Für seine Arbeiten erhielt Ralf Thenior verschiedene
Literaturpreise, zuletzt den Literaturpreis Ruhrgebiet 1990 und den
Annette-von-Droste-Hülshoff-Preis 1993.
Bemerkungen
Bemerkungen zu Die Nacht der Sprayer:
Die Nacht der Sprayer erschien 1995 bei der Jungen Reihe im
Ravensburger Buchverlag. 1998 kam es als Taschenbuch in demselben
Verlag in der Reihe "Reality" heraus. Das Lesealter wird auf dem
Umschlag mit "Jugendliche aufwärts" angegeben, ganz nach dem
gegenwärtigen Verhalten der Verlage, bei Jugendbüchern
keine Altersangaben mehr zu machen, um keine potentiellen Leser zu
verschrecken.
Die Nacht der Sprayer ist das zweite Buch von Ralf Theniors
'Dortmund-Triologie'. Das erste davon ist der Satanisten-Roman
Die Fliegen des Beelzebub, 1993; das letzte ist
Greifer von 1998. Diese Bücher spielen alle in
Dortmund, wenngleich auch die Geschichten keinen Zusammenhang haben
und auch nicht die selben Protagonisten benutzen. Über seinen
dritten Roman dieser Art sagt Thenior selbst (und das würde er
sicher auch zu Die Nacht der Sprayer erzählen), "Ein
Buch für jede Altersgruppe, nicht nur für Jugendliche und
junge Erwachsene" (Ruhr-Nachrichten). Auch hier wird die erweiterte
Zielgruppe der neuen Kinder- und Jugendliteratur verdeutlicht;
Thenior hat den Anspruch, daß das Buch ein "realistischer
Roman der ausgehenden 90er Jahre" (Ruhr-Nachrichten) sein soll. Bei
der Taschenbuchausgabe von Die Nacht der Sprayer wird dies
noch unterstrichen durch die Einordnung in die Reihe "Reality".
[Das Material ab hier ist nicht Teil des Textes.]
(* Let $n\ge 4$ be even, let $K_n=(V,E)$ be the complete graph on $n$ nodes and let $P_{\mathrm{perfmatch}}(n)=\operatorname{conv}\{\chi(M): M \text{ a perfect matching in } K_n\}\subseteq\mathbb{R}^E$, whose circuits are taken with respect to the linear description $$\bm{x}(\delta(S))\ge 1\ \ \text{for all } S\subset V,\ |S|\text{ odd},\ |S|\ge 3;\qquad \bm{x}(\delta(v))=1\ \ \text{for all } v\in V;\qquad \bm{x}\ge\bm{0}.$$ Then $$\mathcal{CD}(P_{\mathrm{perfmatch}}(n))=\begin{cases}1 & n=4,6,\\ 2 & n=8,\\ 1 & n\ge 10.\end{cases}$$
   Context: $\chi(M)\in\{0,1\}^E$ is the characteristic vector of $M$; $\delta(S)$ is the set of edges with exactly one endpoint in $S$, $\delta(v)=\delta(\{v\})$, and $\bm{x}(F)=\sum_{e\in F}x_e$. Circuits: for a polytope $P=\{\bm{x}: A\bm{x}=\bm{b},\ B\bm{x}\le \bm{d}\}$ given by a fixed linear system, a nonzero vector $\bm{g}$ is a circuit of $P$ if $A\bm{g}=\bm{0}$ and $\operatorname{supp}(B\bm{g})$ is inclusion-minimal among the sets $\operatorname{supp}(B\bm{y})$ with $A\bm{y}=\bm{0}$, $\bm{y}\neq\bm{0}$ (inequalities of the form $\ge$ are rewritten as $\le$). A point $\bm{x}''\in P$ is one circuit step from $\bm{x}'\in P$ if $\bm{x}''=\bm{x}'+\alpha\bm{c}$ for a circuit $\bm{c}$ and $\alpha>0$ maximal such that $\bm{x}'+\alpha\bm{c}\in P$. A circuit walk of length $l$ from $\bm{x}'$ to $\bm{x}''$ is a sequence $\bm{x}'=\bm{z}^0,\dots,\bm{z}^l=\bm{x}''$ in $P$ with each $\bm{z}^i$ one circuit step from $\bm{z}^{i-1}$; the circuit distance is the length of a shortest such walk, and the circuit diameter $\mathcal{CD}(P)$ is the maximum circuit distance over all ordered pairs of vertices of $P$. *)

From HB Require Import structures.
From mathcomp Require Import all_boot all_order all_algebra.
From mathcomp Require Import reals.
Set Implicit Arguments. Unset Strict Implicit. Unset Printing Implicit Defensive.
Import Order.TTheory GRing.Theory Num.Theory.
Local Open Scope ring_scope.

Definition edge (n : nat) := {e : 'I_n * 'I_n | (e.1 < e.2)%N}.

Definition incident n (v : 'I_n) (e : edge n) : bool :=
  ((val e).1 == v) || ((val e).2 == v).

Definition in_cut n (S : {set 'I_n}) (e : edge n) : bool :=
  ((val e).1 \in S) != ((val e).2 \in S).

Definition perfect_matching n (M : {set edge n}) : Prop :=
  forall v : 'I_n, #|[set e in M | incident v e]| = 1%N.

Definition chi (R : realType) n (M : {set edge n}) : edge n -> R :=
  fun e => if e \in M then 1 else 0.

Definition in_Pperf (R : realType) n (x : edge n -> R) : Prop :=
  exists lam : {set edge n} -> R,
    (forall M, 0 <= lam M) /\
    (forall M, ~ perfect_matching M -> lam M = 0) /\
    \sum_M lam M = 1 /\
    (forall e, x e = \sum_M lam M * chi R M e).

Definition is_vertex (R : realType) n (x : edge n -> R) : Prop :=
  in_Pperf x /\
  forall y z : edge n -> R, in_Pperf y -> in_Pperf z ->
    forall t : R, 0 < t -> t < 1 ->
      (forall e, x e = t * y e + (1 - t) * z e) -> y = z.

(* Linear description:
     x(delta(S)) >= 1   for S subset V, |S| odd, |S| >= 3     (rows inl S)
     x(delta(v)) = 1    for v in V                            (equalities A)
     x_e >= 0           for e in E                            (rows inr e)
   Inequality rows written as <= are -x(delta(S)) <= -1, -x_e <= 0. *)
Definition ineq_row n (r : {set 'I_n} + edge n) : bool :=
  match r with
  | inl T => [&& odd #|T|, (3 <= #|T|)%N & T \proper [set: 'I_n]]
  | inr _ => true
  end.

Definition Brow (R : realType) n (g : edge n -> R) (r : {set 'I_n} + edge n) : R :=
  match r with
  | inl T => - \sum_(e | in_cut T e) g e
  | inr e => - g e
  end.

Definition kerA (R : realType) n (g : edge n -> R) : Prop :=
  forall v : 'I_n, \sum_(e | incident v e) g e = 0.

Definition suppB (R : realType) n (g : edge n -> R) : {set {set 'I_n} + edge n} :=
  [set r | ineq_row r && (Brow g r != 0)].

Definition nonzero (R : realType) n (g : edge n -> R) : Prop := exists e, g e != 0.

Definition circuit (R : realType) n (g : edge n -> R) : Prop :=
  kerA g /\ nonzero g /\
  forall y : edge n -> R, kerA y -> nonzero y ->
    suppB y \subset suppB g -> suppB y = suppB g.

Definition circuit_step (R : realType) n (x' x'' : edge n -> R) : Prop :=
  exists (c : edge n -> R) (alpha : R),
    circuit c /\ 0 < alpha /\
    in_Pperf (fun e => x' e + alpha * c e) /\
    (forall beta : R, alpha < beta -> ~ in_Pperf (fun e => x' e + beta * c e)) /\
    x'' = (fun e => x' e + alpha * c e).

Definition circuit_walk (R : realType) n (l : nat) (x y : edge n -> R) : Prop :=
  exists z : nat -> (edge n -> R),
    z 0%N = x /\ z l = y /\
    (forall i, (i <= l)%N -> in_Pperf (z i)) /\
    (forall i, (i < l)%N -> circuit_step (z i) (z i.+1)).
(* Let $\lambda$ be a partition of $n$ and $1\le i\le n$. Let $T$ be the column superstandard tabloid of shape $\lambda$ with start $i$ and $T'$ the column superstandard tabloid of shape $\lambda$ with start $i+1$. Then $\operatorname{charge}(T')\equiv\operatorname{charge}(T)-1\pmod{d_\lambda}$.
   Context: Fix $n\ge1$; $\overline i=i+n\mathbb Z$, $[\overline n]=\{\overline1,\dots,\overline n\}$. A tabloid of shape $\lambda$ is a sequence $(T_1,\dots,T_{\ell(\lambda)})$ of pairwise disjoint subsets of $[\overline n]$ with $|T_r|=\lambda_r$ and union $[\overline n]$ (row 1 highest). The column superstandard tabloid of shape $\lambda$ with start $i$ is obtained by filling the columns of the Young diagram of $\lambda$, left to right and each from top to bottom, with consecutive entries $\overline i,\overline{i+1},\overline{i+2},\dots$, then taking $T_r$ to be the set of entries in row $r$. Broken order: $\overline1<\dots<\overline n$. Local charge: if $\lambda_k=\lambda_{k+1}=m$, list $T_k$ as $\overline{a_1}<\dots<\overline{a_m}$ (broken order); for $t=1,\dots,m$ in turn match $\overline{a_t}$ with the smallest unmatched element of $T_{k+1}$ larger than $\overline{a_t}$ if one exists, otherwise with the smallest unmatched element of $T_{k+1}$; $\operatorname{lch}_k(T)$ is the number of $t$ with $\overline{a_t}$ larger than its match. If $\lambda_k\ne\lambda_{k+1}$, $\operatorname{lch}_k(T)=0$. $\operatorname{charge}(T)=\sum_{k=1}^{\ell(\lambda)-1}k\cdot\operatorname{lch}_k(T)$. $d_\lambda=\gcd(\lambda'_1,\lambda'_2,\dots)$ with $\lambda'$ the conjugate partition. *)

From mathcomp Require Import all_boot.
Set Implicit Arguments. Unset Strict Implicit. Unset Printing Implicit Defensive.

(* Conventions: the residue class  \overline{v+1}  (v = 0..n-1) is encoded by
   the natural number v.  Hence the broken order 1bar < ... < nbar is the usual
   order on nat, and the residue of an integer j >= 1 is encoded by (j - 1) %% n. *)

Definition is_partition (n : nat) (la : seq nat) : bool :=
  [&& sorted geq la, all (fun x => 0 < x) la & sumn la == n].

Definition conj_part (la : seq nat) : seq nat :=
  [seq count (fun x => c < x) la | c <- iota 0 (head 0 la)].

Definition d_la (la : seq nat) : nat := foldr gcdn 0 (conj_part la).

(* A tabloid is encoded as the sequence of its rows T_1, ..., T_l,
   each row a seq of encoded residues. *)
Definition tabloid := seq (seq nat).

(* Column superstandard tabloid of shape la with start i: the cell in row r,
   column c (0-based) is the p-th cell in column-reading order, where
   p = la'_0 + ... + la'_{c-1} + r, and is filled with the residue of i + p. *)
Definition col_superstd (n : nat) (la : seq nat) (i : nat) : tabloid :=
  [seq [seq (i + (sumn (take c (conj_part la)) + r) - 1) %% n
        | c <- iota 0 (nth 0 la r)]
  | r <- iota 0 (size la)].

(* Greedy matching of the sorted list A (row T_k) into the sorted list B
   (row T_{k+1}): each a is matched with the smallest unmatched b > a if one
   exists, otherwise with the smallest unmatched b; counts the a's that are
   larger than their match. *)
Fixpoint match_count (A B : seq nat) : nat :=
  match A with
  | [::] => 0
  | a :: A' =>
      let b := match [seq x <- B | a < x] with
               | b0 :: _ => b0
               | [::] => head 0 B
               end in
      (b < a) + match_count A' (rem b B)
  end.

(* local charge lch_k (k is 1-based, rows are T_k and T_{k+1}) *)
Definition lch (la : seq nat) (T : tabloid) (k : nat) : nat :=
  if nth 0 la k.-1 == nth 0 la k then
    match_count (sort leq (nth [::] T k.-1)) (sort leq (nth [::] T k))
  else 0.

Definition charge (la : seq nat) (T : tabloid) : nat :=
  \sum_(1 <= k < size la) k * lch la T k.

From mathcomp Require Import all_boot zify.

(* In the column superstandard tabloid with start j, the cell at column-reading
   position p holds the residue of j + p, so when two consecutive rows have the
   same length the lower one is the upper one with 1 added to every entry.  The
   greedy matching then pairs every entry with its successor, except \bar n,
   which wraps around to \bar 1: lch_k = 1 exactly when \bar n lies in row k.
   When lambda_k > lambda_(k+1), k is a part of lambda' and hence a multiple of
   d_lambda; so are l(lambda) and every column start.  Modulo d_lambda the
   charge is therefore the row index of \bar n, which agrees with its
   column-reading position plus one, whence charge(T) + j ≡ n + 1 ≡ 1. *)

Set Implicit Arguments.
Unset Strict Implicit.
Unset Printing Implicit Defensive.

Lemma match_count_map_succn (A : seq nat) : match_count A (map succn A) = 0.
Proof. by elim: A => //= a A IH; rewrite ltnSn /= eqxx IH ltnNge leqnSn. Qed.

Lemma match_count_rcons_wrap (A : seq nat) x :
  match_count (rcons A x) (0 :: map succn A) = (0 < x).
Proof.
elim: A => [|a A IH] /=; first by rewrite addn0.
by rewrite ltnSn /= eqxx IH ltnNge leqnSn.
Qed.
Der Roman hat ein Glossar mit den Szene-Vokabeln, die in dem Buch
gebraucht werden. Diese Wörter sind im Text fett
hervorgehoben, "so daß keine Erklärungen innerhalb des
Texts den Erzählfluß stören." (Rak) So macht das
Buch ganz direkt deutlich, wie nah es an der Sprache der
jugendlichen Sprayer ist.
Die Geschichte (ohne die Einleitung und den Schluß) hat 21
Kapitel von durchschnittlich 6-7 Seiten Länge und weicht im
Extremfall auch nur wenig davon ab. Anzumerken ist, daß in
der Taschenbuchausgabe das Inhaltsverzeichnis zum Teil mit falschen
Seitenzahlen ausgezeichnet ist.
Das Buch ist nach der "neuen Rechtschreibung" verlegt.
Erzähler usw:
Die Nacht der Sprayer besteht aus einem Prolog, der Geschichte und
einem Epilog. Die gewalttätige Einleitung, die zeitlich etwa
in der Mitte der gesamten Erzählung spielt, soll wohl so etwas
wie ein Preview für den unentschlossenen Jugendlichen sein,
der noch nicht weiß, ob er das Buch kaufen soll oder nicht.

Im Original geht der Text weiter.